Data supplied:
From HB Require Import structures.
From mathcomp Require Import all_boot all_order all_algebra.
From mathcomp Require Import all_classical all_reals all_analysis.
From mathcomp Require Import complex.
From mathcomp Require Import ring lra zify.
Set Implicit Arguments. Unset Strict Implicit. Unset Printing Implicit Defensive.
Import Order.TTheory GRing.Theory Num.Theory.
Import numFieldNormedType.Exports.
Local Open Scope ring_scope.
Local Open Scope classical_set_scope.

(* Fix [G] in [A_0].  The copy of [l2(N)] carried by the half-line [[n, +oo)] of
   [l2(Z)] is invariant under [Pi_x(G)], which acts on it as [pi_y(G)] for
   [y = phi^n x].  Since [Pi_x(G)] moves entries by less than [size G], on any finite
   window the image of a vector agrees with the image of its truncation to a
   half-line far to the left.  Hence [||Pi_x(G)|| = sup_n ||pi_(phi^n x)(G)||].
   Each [pi_y] is a covariant representation ([l2(N)] with multiplication operators
   and the unilateral shift), so the universal Cauchy condition on [Fs] makes
   [||pi_y(Fs k)||] Cauchy uniformly in [y], and the limit in [k] commutes with the
   supremum over the orbit. *)

Section real_sequences.
Variable R : realType.
Implicit Types u : R ^nat.

Lemma cauchy_cvgn u :
  (forall e : R, 0 < e -> exists N, forall m n, (N <= m)%N -> (N <= n)%N ->
    `|u m - u n| < e) -> cvgn u.
Proof.
move=> u_cauchy; apply/cauchy_cvgP; apply: cauchy_exP => e e_gt0.
have [N uN] := u_cauchy e e_gt0; exists (u N), N => // n /= Nn.
by rewrite /ball /= uN.
Qed.

(* One-sided Cauchy bounds suffice, since [m] and [n] play symmetric roles. *)
Lemma cauchy_le_cvgn u :
  (forall e : R, 0 < e -> exists N, forall m n, (N <= m)%N -> (N <= n)%N ->
    u m <= u n + e) -> cvgn u.
Proof.
move=> u_cauchy; apply: cauchy_cvgn => e e_gt0.
have [N uN] := u_cauchy (e / 2) (divr_gt0 e_gt0 (ltr0Sn _ 1)).
exists N => m n Nm Nn; have := uN m n Nm Nn; have := uN n m Nn Nm.
by move=> ? ?; rewrite ltr_norml; apply/andP; split; lra.
Qed.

Work required:
Reproduce the entire listing so that it matches the original in every line.

Answer space:
From HB Require Import structures.
From mathcomp Require Import all_boot all_order all_algebra.
From mathcomp Require Import all_classical all_reals all_analysis.
From mathcomp Require Import complex.
From mathcomp Require Import ring lra zify.
Set Implicit Arguments. Unset Strict Implicit. Unset Printing Implicit Defensive.
Import Order.TTheory GRing.Theory Num.Theory.
Import numFieldNormedType.Exports.
Local Open Scope ring_scope.
Local Open Scope classical_set_scope.

(* Fix [G] in [A_0].  The copy of [l2(N)] carried by the half-line [[n, +oo)] of
   [l2(Z)] is invariant under [Pi_x(G)], which acts on it as [pi_y(G)] for
   [y = phi^n x].  Since [Pi_x(G)] moves entries by less than [size G], on any finite
   window the image of a vector agrees with the image of its truncation to a
   half-line far to the left.  Hence [||Pi_x(G)|| = sup_n ||pi_(phi^n x)(G)||].
   Each [pi_y] is a covariant representation ([l2(N)] with multiplication operators
   and the unilateral shift), so the universal Cauchy condition on [Fs] makes
   [||pi_y(Fs k)||] Cauchy uniformly in [y], and the limit in [k] commutes with the
   supremum over the orbit. *)

Section real_sequences.
Variable R : realType.
Implicit Types u : R ^nat.

Lemma cauchy_cvgn u :
  (forall e : R, 0 < e -> exists N, forall m n, (N <= m)%N -> (N <= n)%N ->
    `|u m - u n| < e) -> cvgn u.
Proof.
move=> u_cauchy; apply/cauchy_cvgP; apply: cauchy_exP => e e_gt0.
have [N uN] := u_cauchy e e_gt0; exists (u N), N => // n /= Nn.
by rewrite /ball /= uN.
Qed.

(* One-sided Cauchy bounds suffice, since [m] and [n] play symmetric roles. *)
Lemma cauchy_le_cvgn u :
  (forall e : R, 0 < e -> exists N, forall m n, (N <= m)%N -> (N <= n)%N ->
    u m <= u n + e) -> cvgn u.
Proof.
move=> u_cauchy; apply: cauchy_cvgn => e e_gt0.
have [N uN] := u_cauchy (e / 2) (divr_gt0 e_gt0 (ltr0Sn _ 1)).
exists N => m n Nm Nn; have := uN m n Nm Nn; have := uN n m Nn Nm.
by move=> ? ?; rewrite ltr_norml; apply/andP; split; lra.
Qed.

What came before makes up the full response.